Set down the listing below verbatim, but only from its first line through the line containing "Section Jacobiator.".
*** Given records ***
Lemma basis_ev0 (R : realType) (f1 f2 f3 f4 a : 'rV[R]_4) : basis4 f1 f2 f3 f4 ->
  (forall i : 'I_4, ev a [:: f1; f2; f3; f4]`_i = 0) -> a = 0.
Proof.
move=> [_ span] a0; apply: ev_eq0 => v; have [c ->] := span v.
by rewrite ev_sumr big1 // => i _; rewrite evZr a0 mulr0.
Qed.

Section Jacobiator.
Variable R : realType.
Notation vec := 'rV[R]_4.
Variable br : vec -> vec -> vec.
Hypotheses (bil : bilinear_br br) (alt : alternating_br br).

Definition jacobiator (u v w : vec) : vec :=
  br u (br v w) + br v (br w u) + br w (br u v).

Lemma jacobiator_cyc u v w : jacobiator u v w = jacobiator v w u.
Proof. by rewrite /jacobiator [RHS]addrC addrA. Qed.

Lemma jacobiator_swap u v w : jacobiator v u w = - jacobiator u v w.
Proof.
rewrite /jacobiator (br_anti bil alt w u) (br_anti bil alt v w).
rewrite (br_anti bil alt u v) !(brNr bil) !opprD.
by congr (_ + _); rewrite addrC.
Qed.

Lemma jacobiator_rep u w : jacobiator u u w = 0.
Proof.
by rewrite /jacobiator alt (br0r bil) (br_anti bil alt u w) (brNr bil) addr0 subrr.
Qed.

Lemma jacobiator_suml (F : 'I_4 -> vec) (c : 'I_4 -> R) v w :
  jacobiator (\sum_(i < 4) c i *: F i) v w = \sum_(i < 4) c i *: jacobiator (F i) v w.
Proof.
rewrite /jacobiator !(br_suml bil) !(br_sumr bil) -!big_split.
by apply: eq_bigr => i _ /=; rewrite !(brZl bil) !(brZr bil) ?(brZl bil) !scalerDr.
Qed.

Variables f1 f2 f3 f4 : vec.
Let fs := [:: f1; f2; f3; f4].
Hypothesis basis : basis4 f1 f2 f3 f4.

Lemma jacobi_of_basis :
  (forall i j k : 'I_4, jacobiator fs`_i fs`_j fs`_k = 0) -> jacobi_br br.
Proof.
have [_ span] := basis.
have lin1 w v c : (forall i : 'I_4, jacobiator fs`_i v w = 0) ->
    jacobiator (\sum_(i < 4) c i *: fs`_i) v w = 0.
  by move=> h; rewrite jacobiator_suml big1 // => i _; rewrite h scaler0.
move=> h3 u v w; have [a ->] := span u; apply: (lin1) => i.
have [b ->] := span v; rewrite jacobiator_cyc; apply: (lin1) => j.
have [c ->] := span w; rewrite jacobiator_cyc; apply: (lin1) => k.
by rewrite jacobiator_cyc h3.
Qed.

Lemma basis_jacobi_of_increasing :
  jacobiator f1 f2 f3 = 0 -> jacobiator f1 f2 f4 = 0 ->
  jacobiator f1 f3 f4 = 0 -> jacobiator f2 f3 f4 = 0 ->
  forall i j k : 'I_4, jacobiator fs`_i fs`_j fs`_k = 0.
Proof.
move=> h123 h124 h134 h234.
apply: ord4P; apply: ord4P; apply: ord4P => /=;
  first [ by rewrite jacobiator_rep
        | by rewrite jacobiator_cyc jacobiator_rep
        | by rewrite -jacobiator_cyc jacobiator_rep
        | by []
        | by rewrite jacobiator_cyc
        | by rewrite -jacobiator_cyc
        | by rewrite jacobiator_swap ?(h123, h124, h134, h234) oppr0
        | by rewrite jacobiator_cyc jacobiator_swap ?(h123, h124, h134, h234) oppr0
        | by rewrite -jacobiator_cyc jacobiator_swap ?(h123, h124, h134, h234) oppr0 ].
Qed.
End Jacobiator.

Section StructureConstants.
Variable R : realType.
Variables (a1 a2 b1 b2 b3 b4 x1 x2 y1 y2 p1 p2 q1 q2 r1 r2 : R).

(* Structure constants of a bracket of the form of item 2: the entry (i, j)
   lists the coordinates of [e_i, e_j] in the basis (e_1, ..., e_4). *)
Definition struct_table : seq (seq (seq R)) :=
 [:: [:: [::0;0;0;0]; [::a1;a2;0;0]; [::-p1;-r1;x1;-y1]; [::-p2;-r2;y1;x1]];
     [:: [::-a1;-a2;0;0]; [::0;0;0;0]; [::-q1;p1;x2;-y2]; [::-q2;p2;y2;x2]];
     [:: [::p1;r1;-x1;y1]; [::q1;-p1;-x2;y2]; [::0;0;0;0]; [::b1;b2;b3;b4]];
     [:: [::p2;r2;-y1;-x1]; [::q2;-p2;-y2;-x2]; [::-b1;-b2;-b3;-b4]; [::0;0;0;0]]].
Definition sconst (i j k : 'I_4) : R :=
  nth 0 (nth [::] (nth [::] struct_table i) j) k.

(* The l-th coordinate of the Jacobiator of (e_i, e_j, e_k). *)
Definition jacobiator_coord (i j k l : 'I_4) : R :=
  \sum_(m < 4) (sconst j k m * sconst i m l + sconst k i m * sconst j m l
                + sconst i j m * sconst k m l).

(* The system of item 3 says exactly that the Jacobiators of the four
   increasing basis triples vanish: each of their sixteen coordinates is, up
   to sign, one of the fourteen equations. *)
Lemma jacobi_system_iff_coords :
  jacobi_system a1 a2 b1 b2 b3 b4 x1 x2 y1 y2 p1 p2 q1 q2 r1 r2 <->
  forall l, [/\ jacobiator_coord o0 o1 o2 l = 0, jacobiator_coord o0 o1 o3 l = 0,
                jacobiator_coord o0 o2 o3 l = 0 & jacobiator_coord o1 o2 o3 l = 0].
Proof.
rewrite /jacobiator_coord; split.
  move=> [E0 [E1 [E2 [E3 [E4 [E5 [E6 [E7 [E8 [E9 [E10 [E11 [E12 E13]]]]]]]]]]]]].
  by apply: ord4P; rewrite !sum4 /sconst /=; split; lra.
move=> coords; move: (coords o0) (coords o1) (coords o2) (coords o3).
rewrite !sum4 /sconst /= => -[? ? ? ?] [? ? ? ?] [? ? ? ?] [? ? ? ?].
by do 13 (split; first lra); lra.
Qed.
End StructureConstants.

Section JacobiSystem.
Variable R : realType.
Notation vec := 'rV[R]_4.
Variables (a1 a2 b1 b2 b3 b4 x1 x2 y1 y2 p1 p2 q1 q2 r1 r2 : R).
Variables (br : vec -> vec -> vec) (f1 f2 f3 f4 : vec).
Hypotheses (bil : bilinear_br br) (alt : alternating_br br).
Hypothesis basis : basis4 f1 f2 f3 f4.
Hypothesis form :
  bracket_form br f1 f2 f3 f4 a1 a2 b1 b2 b3 b4 x1 x2 y1 y2 p1 p2 q1 q2 r1 r2.

Let fs := [:: f1; f2; f3; f4].
Local Notation sc := (sconst a1 a2 b1 b2 b3 b4 x1 x2 y1 y2 p1 p2 q1 q2 r1 r2).

Definition lincomb (c : 'I_4 -> R) : vec := \sum_(i < 4) c i *: fs`_i.

Lemma lincomb_eq0 c : lincomb c = 0 -> forall l, c l = 0.
Proof. by have [free _] := basis; apply: free. Qed.

Lemma br_basis (i j : 'I_4) : br fs`_i fs`_j = lincomb (sc i j).
Proof.
have [h12 h34 h13 [h14 h23 h24]] := form; have anti := br_anti bil alt.
move: i j; apply: ord4P; apply: ord4P; rewrite /lincomb sum4 /sconst /=;
  rewrite ?alt ?(anti f1 f2) ?(anti f1 f3) ?(anti f1 f4) ?(anti f2 f3)
    ?(anti f2 f4) ?(anti f3 f4) ?h12 ?h34 ?h13 ?h14 ?h23 ?h24;
  by apply/rowP => k; rewrite !mxE; ring.
Qed.

Lemma br_basis_lincomb (i : 'I_4) c :
  br fs`_i (lincomb c) = lincomb (fun l => \sum_(m < 4) c m * sc i m l).
Proof.
rewrite {1}/lincomb (br_sumr bil).
under eq_bigr => m _ do rewrite (brZr bil) br_basis /lincomb scaler_sumr.
under eq_bigr => m _ do under eq_bigr => l _ do rewrite scalerA.
by rewrite exchange_big; apply: eq_bigr => l _; rewrite scaler_suml.
Qed.

Lemma jacobiator_basis (i j k : 'I_4) :
  jacobiator br fs`_i fs`_j fs`_k =
  lincomb (jacobiator_coord a1 a2 b1 b2 b3 b4 x1 x2 y1 y2 p1 p2 q1 q2 r1 r2 i j k).
Proof.
rewrite /jacobiator !br_basis !br_basis_lincomb /lincomb -!big_split.
by apply: eq_bigr => l _; rewrite /jacobiator_coord !big_split /= !scalerDl.
Qed.

Theorem jacobi_iff_system :
  jacobi_br br <-> jacobi_system a1 a2 b1 b2 b3 b4 x1 x2 y1 y2 p1 p2 q1 q2 r1 r2.
Proof.
rewrite jacobi_system_iff_coords; split.
  move=> jac l; have coord0 i j k :
      jacobiator_coord a1 a2 b1 b2 b3 b4 x1 x2 y1 y2 p1 p2 q1 q2 r1 r2 i j k l = 0.
    by apply: lincomb_eq0; rewrite -jacobiator_basis; apply: jac.
  by split; apply: coord0.
move=> coords; apply: (jacobi_of_basis bil basis).
have vanish i j k : (forall l,
    jacobiator_coord a1 a2 b1 b2 b3 b4 x1 x2 y1 y2 p1 p2 q1 q2 r1 r2 i j k l = 0) ->
    jacobiator br fs`_i fs`_j fs`_k = 0.
  by move=> c0; rewrite jacobiator_basis /lincomb big1 // => l _; rewrite c0 scale0r.
apply: (basis_jacobi_of_increasing bil alt).
- by apply: (vanish o0 o1 o2) => l; case: (coords l).
- by apply: (vanish o0 o1 o3) => l; case: (coords l).
- by apply: (vanish o0 o2 o3) => l; case: (coords l).
- by apply: (vanish o1 o2 o3) => l; case: (coords l).
Qed.
End JacobiSystem.

(* A skew-symmetric matrix never has rank 1: writing it as a column times a
   row, M i j = d_i b_j, the diagonal gives d_i b_i = 0, whence
   (M i j)^2 = - M i j M j i = - (d_i b_i) (d_j b_j) = 0. *)
Lemma skew_rank_neq1 (R : numFieldType) n (M : 'M[R]_n) :
  (forall i j, M j i = - M i j) -> \rank M != 1%N.
Proof.
move=> skew; apply/eqP => rk1.
have [d [b Mdb]] : exists (d : 'M[R]_(n, 1)) (b : 'M[R]_(1, n)), M = d *m b.
  have := eq_row_base M; move: (row_base M); rewrite rk1 => B eqB.
  have /submxP[D ->] : (M <= B)%MS by rewrite eqB.
  by exists D, B.
have Mij i j : M i j = d i 0 * b 0 j by rewrite Mdb mxE big_ord1.
have diag i : d i 0 * b 0 i = 0.
  by rewrite -Mij; have /eqP := skew i i; rewrite -addr_eq0 -mulr2n mulrn_eq0 => /eqP.
suff M0 : M = 0 by move: rk1; rewrite M0 mxrank0.
apply/matrixP => i j; rewrite mxE.
have sq : M i j * M i j = - ((d i 0 * b 0 i) * (d j 0 * b 0 j)).
  by rewrite {2}(skew j i) !Mij; ring.
by move: sq; rewrite !diag mul0r oppr0 => /eqP; rewrite mulf_eq0 orbb => /eqP.
Qed.

Section ImageOfR.
Variable R : realType.
Notation vec := 'rV[R]_4.
Variable Rm : 'M[R]_4.

Lemma in_imR_submx (v : vec) : in_imR Rm v <-> (v <= Rm)%MS.
Proof. by split; [case=> a ->; apply: submxMl | case/submxP => a ->; exists a]. Qed.

Lemma type1_rank : gc_type Rm = 1%N -> \rank Rm = 1%N \/ \rank Rm = 2%N.
Proof.
rewrite /gc_type; move: (rank_leq_row Rm).
by case: (\rank Rm) => [|[|[|[|[|n]]]]] //= _ _; [left | right].
Qed.

Lemma rank2_basis : \rank Rm = 2%N -> exists e1 e2, basis_imR Rm e1 e2.
Proof.
move=> rk2; have := eq_row_base Rm; have := row_base_free Rm.
move: (row_base Rm); rewrite rk2 => B freeB eqB.
have inB (v : vec) : in_imR Rm v <-> (v <= B)%MS by rewrite in_imR_submx eqB.
exists (row ord0 B), (row (lift ord0 ord0) B).
split; try by apply/inB; apply: row_sub.
  move=> c1 c2 c0; pose w : 'rV[R]_2 := \row_j [:: c1; c2]`_j.
  have : w *m B = 0 *m B.
    by rewrite mul0mx mulmx_sum_row big_ord_recl big_ord1 /= -c0 !mxE /=.
  move/(row_free_inj freeB)/rowP => w0.
  by move: (w0 ord0) (w0 (lift ord0 ord0)); rewrite !mxE /= => -> ->.
move=> v /inB /submxP [D ->]; exists (D 0 ord0), (D 0 (lift ord0 ord0)).
by rewrite mulmx_sum_row big_ord_recl big_ord1.
Qed.

Hypothesis skewR : skew_dual Rm.

Lemma basis_imR_exists : gc_type Rm = 1%N -> exists e1 e2, basis_imR Rm e1 e2.
Proof.
move=> /type1_rank [rk1|]; last exact: rank2_basis.
have skew i j : Rm j i = - Rm i j.
  by have := skewR (stdb R j) (stdb R i); rewrite !ev_stdb !stdb_mul.
by move: (skew_rank_neq1 skew); rewrite rk1.
Qed.
End ImageOfR.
*** End of Given records ***
> _Completed exercise_
Lemma basis_ev0 (R : realType) (f1 f2 f3 f4 a : 'rV[R]_4) : basis4 f1 f2 f3 f4 ->
  (forall i : 'I_4, ev a [:: f1; f2; f3; f4]`_i = 0) -> a = 0.
Proof.
move=> [_ span] a0; apply: ev_eq0 => v; have [c ->] := span v.
by rewrite ev_sumr big1 // => i _; rewrite evZr a0 mulr0.
Qed.

Section Jacobiator.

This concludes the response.